NYC Restaurant Health Inspection Prediction
- Inspiration:
  - Analyze 18 years of NYC restaurant health inspection data to identify what factors actually drive health code compliance and predict restaurant grades using machine learning.
  - Understand whether location, cuisine type, timing, or violations themselves are the strongest predictors of health inspection outcomes.
- What it does:
  - Analyzes 295,831+ inspection records spanning 2007-2026 from 30,627 unique restaurants across all 5 NYC boroughs.
  - Predicts restaurant health grades (A, B, or C) using a Random Forest classifier with 93.8% overall accuracy.
  - Features an interactive Streamlit dashboard with real-time data visualization, filtering capabilities, and grade prediction interface.
  - Automatically refreshes data daily from NYC Open Data API to ensure the dashboard always displays the latest inspection results.
  - Provides comprehensive analytics including grade distributions, violation patterns, borough comparisons, and cuisine type analysis.
  - Includes a prediction tool where users can input inspection details (violations, cuisine type, borough, date) to predict potential health grades.
- How we built it:
  - Processed and cleaned 295K+ raw inspection records using Pandas, aggregating multiple violation records into single inspections (reduced to 51,839 unique inspections).
  - Engineered 6 key features: total violations, critical violations, cuisine type, borough, month, and day of week.
  - Trained multiple models (Logistic Regression baseline, Random Forest) using scikit-learn, handling severe class imbalance (87% A grades).

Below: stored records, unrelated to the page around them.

(* Given a closed $\lambda$-abstraction $\lambda x.\vec t$, we have $\lambda x.\vec t\in[\![\sharp\mathbb B\rightarrow\sharp\mathbb B]\!]$ if and only if there are two value distributions $\vec v_1,\vec v_2\in[\![\sharp\mathbb B]\!]$ such that $\vec t[x:=\mathtt{tt}]\succ^*\vec v_1$, $\vec t[x:=\mathtt{ff}]\succ^*\vec v_2$ and $\langle\vec v_1|\vec v_2\rangle=0$.
   Context: Calculus. Pure values: $v,w::=x\mid\lambda x.\vec{s}\mid *\mid (v_1,v_2)\mid \mathtt{inl}(v)\mid\mathtt{inr}(v)$. Pure terms: $s,t::=v\mid s\,t\mid t;\vec{s}\mid \mathtt{let}\,(x_1,x_2)=t\,\mathtt{in}\,\vec{s}\mid \mathtt{match}\,t\,\{\mathtt{inl}\,x_1\mapsto\vec{s}_1\mid\mathtt{inr}\,x_2\mapsto\vec{s}_2\}$. Term distributions: $\vec{t}::=\vec{0}\mid t\mid \vec{s}+\vec{t}\mid\alpha\cdot\vec{t}$ ($\alpha\in\mathbb{C}$), considered at top level modulo the weak-vector-space congruence $\equiv$ (commutative monoid for $+,\vec0$; $1\cdot\vec t\equiv\vec t$; $\alpha\cdot(\beta\cdot\vec t)\equiv\alpha\beta\cdot\vec t$; both distributivity laws), which does not act inside pure terms and does not identify $0\cdot t$ with $\vec 0$; every distribution has a unique canonical form $\sum_i\alpha_it_i$ with distinct pure $t_i$. Constructs are extended by linearity. $\mathtt{tt}:=\mathtt{inl}( * )$, $\mathtt{ff}:=\mathtt{inr}( * )$. $\vec t[x:=w]$ is substitution of a pure value; $\vec t\langle x:=\vec w\rangle=\sum_j\beta_j\vec t[x:=w_j]$ for $\vec w=\sum_j\beta_jw_j$. Atomic evaluation $\triangleright$: $(\lambda x.\vec t)v\triangleright\vec t[x:=v]$, $*;\vec s\triangleright\vec s$, $\mathtt{let}\,(x,y)=(v,w)\,\mathtt{in}\,\vec s\triangleright\vec s[x:=v,y:=w]$, $\mathtt{match}\,\mathtt{inl}(v)\{\ldots\}\triangleright\vec s_1[x_1:=v]$, $\mathtt{match}\,\mathtt{inr}(v)\{\ldots\}\triangleright\vec s_2[x_2:=v]$, plus closure rules evaluating the argument of an application, then the function once the argument is a value, and the scrutinee of $;$, let, match. $\vec t\succ\vec t'$ iff $\vec t\equiv\alpha\cdot s+\vec r$, $\vec t'\equiv\alpha\cdot\vec s'+\vec r$ with $s\triangleright\vec s'$; $\succ^*$ is its reflexive-transitive closure. Semantics. For closed value distributions in canonical form, $\langle\sum_i\alpha_iv_i|\sum_j\beta_jw_j\rangle=\sum_{i,j}\overline{\alpha_i}\beta_j\delta_{v_i,w_j}$, $\|\vec v\|=\sqrt{\langle\vec v|\vec v\rangle}$, $\mathcal S$ the unit sphere. $[\![\mathbb U]\!]=\{*\}$, $[\![A+B]\!]=\{\mathtt{inl}(\vec v):\vec v\in[\![A]\!]\}\cup\{\mathtt{inr}(\vec w):\vec w\in[\![B]\!]\}$, $[\![\sharp A]\!]=\mathrm{Span}([\![A]\!])\cap\mathcal S$, $\mathbb B=\mathbb U+\mathbb U$, $[\![A\rightarrow B]\!]=\{\lambda x.\vec t\ \text{closed}:\forall\vec v\in[\![A]\!],\ \vec t\langle x:=\vec v\rangle\Vdash B\}$ with $\vec t\Vdash B$ meaning $\vec t\succ^*\vec v$ for some $\vec v\in[\![B]\!]$. *)

From Stdlib Require Import Reals List Arith ClassicalEpsilon.
From Coquelicot Require Import Coquelicot.
Import ListNotations.

Definition vname := nat.

Inductive val : Type :=
  | VVar  : vname -> val
  | VLam  : vname -> tdist -> val
  | VStar : val
  | VPair : val -> val -> val
  | VInl  : val -> val
  | VInr  : val -> val
with term : Type :=
  | TVal   : val -> term
  | TApp   : term -> term -> term
  | TSeq   : term -> tdist -> term
  | TLet   : vname -> vname -> term -> tdist -> term
  | TMatch : term -> vname -> tdist -> vname -> tdist -> term
with tdist : Type :=
  | DZero : tdist
  | DTerm : term -> tdist
  | DPlus : tdist -> tdist -> tdist
  | DScal : C -> tdist -> tdist.
(* Assume the Bateman–Horn Conjecture. Then $\limsup_{n\to\infty} j(a_n)=\infty$; that is, for every positive integer $k$ there are infinitely many $n$ with $j(a_n)\ge k$.
   Context: Let $A$ be the set of positive integers $a$ such that $a^2+1$ is prime, enumerated in increasing order as $A=\{a_1<a_2<\cdots\}$. For $n\ge 2$, $j(a_n)$ denotes the smallest index $i$ with $1\le i\le n-1$ such that $a_n-a_{n-i}\in A$. A finite set of polynomials $f_1,\dots,f_k\in\mathbb{Z}[x]$ satisfies the Bunyakovsky condition if there is no prime $p$ such that $\prod_i f_i(a)\equiv 0 \pmod p$ for all $a\in\mathbb{F}_p$. The Bateman–Horn Conjecture: if $f_1,\dots,f_k\in\mathbb{Z}[x]$ are distinct irreducible polynomials with positive leading coefficients satisfying the Bunyakovsky condition, then the number of positive integers $m\le x$ for which $f_1(m),\dots,f_k(m)$ are all prime is asymptotic to $C\,\frac{x}{\log^k x}$ for some constant $C>0$ (depending on $f_1,\dots,f_k$). *)

From HB Require Import structures.
From mathcomp Require Import all_boot all_order all_algebra.
From mathcomp Require Import all_classical all_reals.
From mathcomp Require Import exp Rstruct.
Local Notation R := Rdefinitions.R.
Set Implicit Arguments. Unset Strict Implicit. Unset Printing Implicit Defensive.
Import Order.TTheory GRing.Theory Num.Theory.
Local Open Scope ring_scope.

Definition primez (z : int) : bool := (0 < z) && prime (absz z).

Definition irreducible_Zx (f : {poly int}) : Prop :=
  f != 0 /\ ~~ (f \is a GRing.unit) /\
  forall g h : {poly int}, f = g * h -> (g \is a GRing.unit) \/ (h \is a GRing.unit).

Definition bunyakovsky (fs : seq {poly int}) : Prop :=
  ~ exists p : nat, prime p /\
      forall a : nat, (a < p)%N ->
        (p%:Z %| \prod_(f <- fs) f.[a%:Z])%Z.

Definition bh_count (fs : seq {poly int}) (x : R) : nat :=
  count (fun m : nat => all (fun f : {poly int} => primez f.[m%:Z]) fs)
        (iota 1 (Num.truncn x)).

(* The Bateman–Horn Conjecture. "count ~ C x / log^k x" is spelled out as:
   the ratio tends to 1 as the real x tends to +infinity. *)
Definition BatemanHorn : Prop :=
  forall fs : seq {poly int},
    uniq fs ->
    (forall f, f \in fs -> irreducible_Zx f) ->
    (forall f, f \in fs -> 0 < lead_coef f) ->
    bunyakovsky fs ->
    exists C : R, 0 < C /\
      forall eps : R, 0 < eps -> exists X : R, forall x : R, X <= x ->
        `| (bh_count fs x)%:R / (C * x / (ln x) ^+ (size fs)) - 1 | < eps.

Definition inA (a : nat) : bool := (0 < a)%N && prime (a ^ 2 + 1).

(* nthA n a : a is a_n, the n-th element (1-indexed) of A in increasing
   order, i.e. a \in A and exactly n-1 elements of A are smaller than a. *)
Definition nthA (n a : nat) : Prop :=
  (0 < n)%N /\ inA a /\ count inA (iota 0 a) = n.-1.

(* jA n j : a_n exists, n >= 2, and j(a_n) = j, i.e. j is the smallest
   index i with 1 <= i <= n-1 such that a_n - a_(n-i) \in A. *)
Definition jA (n j : nat) : Prop :=
  (2 <= n)%N /\
  exists an : nat, nthA n an /\
    (1 <= j <= n.-1)%N /\
    (exists b, nthA (n - j) b /\ inA (an - b)) /\
    (forall i, (1 <= i < j)%N -> forall b, nthA (n - i) b -> ~~ inA (an - b)).

(* Fix [k], put [Q = (2k+2)!] and take the shifts [t_y = 2 (Q y)^2] for [y < k]
   together with one more shift [Q m0] such that [Q m0] lies in [A].  For these
   shifts [t] the polynomials [(Q x - t)^2 + 1] satisfy the hypotheses of
   Bateman-Horn ([Q] removes every prime small enough to be a fixed divisor), so
   about [x / log^(k+1) x] integers [m <= x] make all of them prime.  For any
   other [t < t_(k-1)], the [m] that also make [(Q x - t)^2 + 1] prime number
   [O(x / log^(k+2) x)], or boundedly many if Bunyakovsky fails.  Hence some
   large [m] makes every [Q m - t_y] an element of [A] and leaves no other
   element of [A] in [(Q m - t_(k-1), Q m]].  Then [a = Q m = a_n] has
   [a_(n-y) = a - t_y] for [y < k], and [a - a_(n-y) = 2 (Q y)^2] is not in [A]
   since [4 z^4 + 1 = (2 z^2 - 2 z + 1) (2 z^2 + 2 z + 1)]; so [j(a_n) >= k].
   Finally [j(a_n)] is defined because [a - (a - Q m0) = Q m0] is in [A]. *)

From mathcomp Require Import all_boot all_order all_algebra.
From mathcomp Require Import all_classical all_reals.
From mathcomp Require Import sequences exp Rstruct.
From mathcomp Require Import ring lra zify.
Set Implicit Arguments. Unset Strict Implicit. Unset Printing Implicit Defensive.
Import Order.TTheory GRing.Theory Num.Theory.
Local Open Scope ring_scope.
Local Notation R := Rdefinitions.R.

(** * Fixed prime divisors *)

Definition fixed_prime_divisor (P : {poly int}) : Prop :=
  exists p : nat, prime p /\ forall a : nat, (a < p)%N -> (p%:Z %| P.[a%:Z])%Z.

Lemma bunyakovskyE (fs : seq {poly int}) :
  bunyakovsky fs <-> ~ fixed_prime_divisor (\prod_(f <- fs) f).
Proof.
split=> hB [p [pp hp]]; apply: hB; exists p; split=> // a /hp;
  by rewrite horner_prod.
Qed.

Lemma fixed_prime_divisorMr (g h : {poly int}) :
  fixed_prime_divisor g -> fixed_prime_divisor (g * h).
Proof.
by case=> p [pp hp]; exists p; split=> // a /hp pg; rewrite hornerM dvdz_mulr.
Qed.

Lemma fixed_prime_divisorC (c : int) :
  c != 0 -> ~~ (c%:P \is a GRing.unit) -> fixed_prime_divisor c%:P.
Proof.
move=> c0 cU; have c1 : (1 < `|c|)%N.
  by move: cU; rewrite poly_unitE size_polyC coefC /= c0 /=; lia.
exists (pdiv `|c|); split=> [|a _]; first exact: pdiv_prime.
by rewrite hornerC dvdzE /= pdiv_dvd.
Qed.

Lemma fixed_prime_divisor_prod (fs : seq {poly int}) f : f \in fs ->
  fixed_prime_divisor f -> fixed_prime_divisor (\prod_(g <- fs) g).
Proof. by move=> ffs FD; rewrite (big_rem f) //; apply: fixed_prime_divisorMr. Qed.

Section FixedDivisorModP.

Variable p : nat.
Hypothesis p_pr : prime p.

Local Notation modp P := (map_poly (intr : int -> 'F_p) P).

Lemma dvdz_horner (P : {poly int}) (z : int) :
  (p%:Z %| P.[z])%Z = root (modp P) z%:~R.
Proof. by rewrite /root horner_map (dvdz_pcharf (pchar_Fp p_pr)). Qed.

Lemma prime_dvdz_prod (fs : seq {poly int}) (m : int) :
  (p%:Z %| (\prod_(f <- fs) f).[m])%Z -> exists2 f, f \in fs & (p%:Z %| f.[m])%Z.
Proof.
rewrite dvdz_horner /root rmorph_prod horner_prod prodf_seq_eq0.
by case/hasP=> f ffs /= f0; exists f; rewrite // dvdz_horner.
Qed.

Lemma fixed_divisor_everywhere (P : {poly int}) :
  (forall a : nat, (a < p)%N -> (p%:Z %| P.[a%:Z])%Z) ->
  forall m : nat, (p%:Z %| P.[m%:Z])%Z.
Proof.
move=> hP m; have := hP _ (ltn_pmod m (prime_gt0 p_pr)).
by rewrite !dvdz_horner /= -!pmulrn Fp_nat_mod.
Qed.

Lemma fixed_divisor_lt_size (P : {poly int}) : modp P != 0 ->
  (forall a : nat, (a < p)%N -> (p%:Z %| P.[a%:Z])%Z) -> (p < size P)%N.
Proof.
move=> nzP hP; pose rs := [seq (a%:R : 'F_p) | a <- iota 0 p].
have rsP : all (root (modp P)) rs.
  apply/allP=> x /mapP[a]; rewrite mem_iota => /andP[_ ap] ->.
  by have := hP a ap; rewrite dvdz_horner /= -pmulrn.
have uniq_rs : uniq rs.
  rewrite map_inj_in_uniq ?iota_uniq // => a b.
  rewrite !mem_iota /= => ap bp /(congr1 val).
  by rewrite /= !val_Fp_nat // !modn_small.
have := max_poly_roots nzP rsP uniq_rs; rewrite size_map size_iota => /leq_trans.
by apply; rewrite map_polyE (leq_trans (size_Poly _)) // size_map.
Qed.

End FixedDivisorModP.

(** * The quadratics [(u x - v)^2 + 1] *)

Definition quad (u v : int) : {poly int} := (u *: 'X - v%:P) ^+ 2 + 1.

Lemma quad_Poly u v : quad u v = Poly [:: v ^+ 2 + 1; - (2 * u * v); u ^+ 2].
Proof.
by rewrite /quad /= !cons_poly_def -mul_polyC; ring.
Qed.

Lemma horner_quad u v x : (quad u v).[x] = (u * x - v) ^+ 2 + 1.
Proof. by rewrite /quad !hornerE. Qed.

Lemma coef_quad u v i : (quad u v)`_i = [:: v ^+ 2 + 1; - (2 * u * v); u ^+ 2]`_i.
Proof. by rewrite quad_Poly coef_Poly. Qed.

Lemma size_quad u v : u != 0 -> size (quad u v) = 3%N.
Proof. by move=> u0; rewrite quad_Poly (PolyK (c := 0)) //= sqrf_eq0. Qed.

Lemma quad_neq0 u v : u != 0 -> quad u v != 0.
Proof. by move=> u0; rewrite -size_poly_eq0 size_quad. Qed.

Lemma lead_coef_quad u v : u != 0 -> lead_coef (quad u v) = u ^+ 2.
Proof. by move=> u0; rewrite /lead_coef size_quad // coef_quad. Qed.

Lemma quad_inj (u : int) (v w : nat) : quad u v = quad u w -> v = w.
Proof.
move=> /(congr1 (horner^~ 0)); rewrite !horner_quad mulr0 !sub0r !sqrrN.
by move/addIr/eqP; rewrite eqrXn2 // => /eqP[].
Qed.

Lemma discriminant_mul_linear (S : comNzRingType) (g h : {poly S}) :
  (size g <= 2)%N -> (size h <= 2)%N ->
  (g * h)`_1 ^+ 2 - 4 * (g * h)`_2 * (g * h)`_0 = (g`_0 * h`_1 - g`_1 * h`_0) ^+ 2.
Proof.
move=> sg sh; have g2 : g`_2 = 0 by rewrite nth_default.
have h2 : h`_2 = 0 by rewrite nth_default.
rewrite !coefM !big_ord_recr !big_ord0 /= !subnn !subn0 (_ : (2 - 1 = 1)%N) // g2 h2; ring.
Qed.

Lemma unit_of_const_factor (P g h : {poly int}) : ~ fixed_prime_divisor P ->
  P = g * h -> size g = 1%N -> g \is a GRing.unit.
Proof.
move=> noFD E sg1; have gC := size1_polyC (eq_leq sg1).
have g0 : g`_0 != 0.
  by rewrite -[0%N]/(1.-1)%N -sg1 -lead_coefE lead_coef_eq0 -size_poly_eq0 sg1.
have [//|gU] := boolP (g \is a GRing.unit); exfalso; apply: noFD.
by rewrite E gC; apply/fixed_prime_divisorMr/fixed_prime_divisorC; rewrite -?gC.
Qed.

Lemma quad_irreducible u v : u != 0 ->
  ~ fixed_prime_divisor (quad u v) -> irreducible_Zx (quad u v).
Proof.
move=> u0 noFD; have s3 := size_quad v u0.
split; first exact: quad_neq0.
split=> [|g h E]; first by rewrite poly_unitE s3.
have g0 : g != 0 by apply/eqP=> g0; move: (quad_neq0 v u0); rewrite E g0 mul0r eqxx.
have h0 : h != 0 by apply/eqP=> h0; move: (quad_neq0 v u0); rewrite E h0 mulr0 eqxx.
have [/(unit_of_const_factor noFD E)|/eqP sg1] := eqVneq (size g) 1%N; first by left.
have [sh1|/eqP sh1] := eqVneq (size h) 1%N.
  by right; apply: (unit_of_const_factor noFD _ sh1); rewrite E mulrC.
have := size_mul g0 h0; rewrite -E s3.
have := size_poly_gt0 g; have := size_poly_gt0 h; rewrite g0 h0 => hpos gpos sz.
have {}sz : (size g + size h = 4)%N by rewrite -[LHS]prednK ?sz // addn_gt0 gpos.
have sg2 : (size g <= 2)%N by lia.
have sh2 : (size h <= 2)%N by lia.
(* two linear factors would make the discriminant, here [-4 u^2], a square *)
have := discriminant_mul_linear sg2 sh2; rewrite -E !coef_quad /= => disc.
have u2 : 0 < 4 * u ^+ 2 by rewrite mulr_gt0 // lt0r sqr_ge0 sqrf_eq0 u0.
have := sqr_ge0 (g`_0 * h`_1 - g`_1 * h`_0); rewrite -disc.
have -> : (- (2 * u * v)) ^+ 2 - 4 * u ^+ 2 * (v ^+ 2 + 1) = - (4 * u ^+ 2) by ring.
by rewrite oppr_ge0 leNgt u2.
Qed.

Lemma map_quad (S : comNzRingType) (f : {rmorphism int -> S}) u v (z : S) :
  (map_poly f (quad u v)).[z] = (f u * z - f v) ^+ 2 + 1.
Proof.
by rewrite /quad rmorphD rmorphXn rmorphB rmorph1 /= map_polyZ map_polyX map_polyC !hornerE.
Qed.

Definition quads (Q : nat) (ts : seq nat) : seq {poly int} := [seq quad Q t%:Z | t <- ts].

Lemma size_prod_quads Q ts : (0 < Q)%N ->
  size (\prod_(f <- quads Q ts) f) = (2 * size ts).+1.
Proof.
move=> Q0; have Q0' : Q%:Z != 0 by rewrite eqz_nat -lt0n.
elim: ts => [|t ts IH]; first by rewrite big_nil size_poly1.
rewrite big_cons size_mul ?quad_neq0 // -?size_poly_eq0 IH //.
by rewrite size_quad //= mulnS.
Qed.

  - Built comprehensive Streamlit dashboard with Plotly visualizations including pie charts, histograms, time series, scatter plots, and heatmaps.
  - Implemented automatic data refresh functionality that checks for updates daily and processes raw data into clean format.
  - Deployed interactive web application with filtering by borough, cuisine type, and date range, plus real-time model predictions.
- Key Outcomes:
  - Achieved 93.8% accuracy with Random Forest model, with 99% recall for A-grade restaurants.
  - Identified that critical violations (44%) and total violations (31%) account for 75% of model predictions, revealing that food safety violations are the primary driver of health grades.
  - Discovered that location, timing, and cuisine type have minimal impact (combined <20%) compared to actual violations.
  - Successfully processed and visualized 18 years of inspection data with interactive dashboards accessible to non-technical users.
  - Built production-ready application with error handling, data validation, and automatic data refresh capabilities.
- Technologies used:
Oprina: Conversational AI Avatar Assistant
- Inspiration:
  - Create a voice assistant with a lifelike avatar that handles email and calendar through natural conversation, designed for hands-free productivity with a smooth, reliable experience.
- What it does:
  - Provides a conversational AI avatar assistant that manages email and calendar tasks through voice commands.
  - Features a lifelike avatar interface for natural human-computer interaction.
  - Handles productivity tasks seamlessly without requiring manual input.
- How we built it:
  - Developed using React and TypeScript for the frontend interface.
  - Implemented FastAPI with Python for the backend services.
  - Integrated Google ADK, Gmail API, and Google Calendar API for email and calendar management.
  - Utilized Vertex AI and Gemini 2.0 Flash for advanced AI capabilities.
  - Incorporated HeyGen API for avatar generation and animation.
  - Used Supabase for database management and Google Cloud for deployment.
- Key Features:
  - Voice-activated email and calendar management
  - Lifelike AI avatar with natural conversation capabilities
  - Hands-free productivity workflow
  - Integration with Google services (Gmail, Calendar)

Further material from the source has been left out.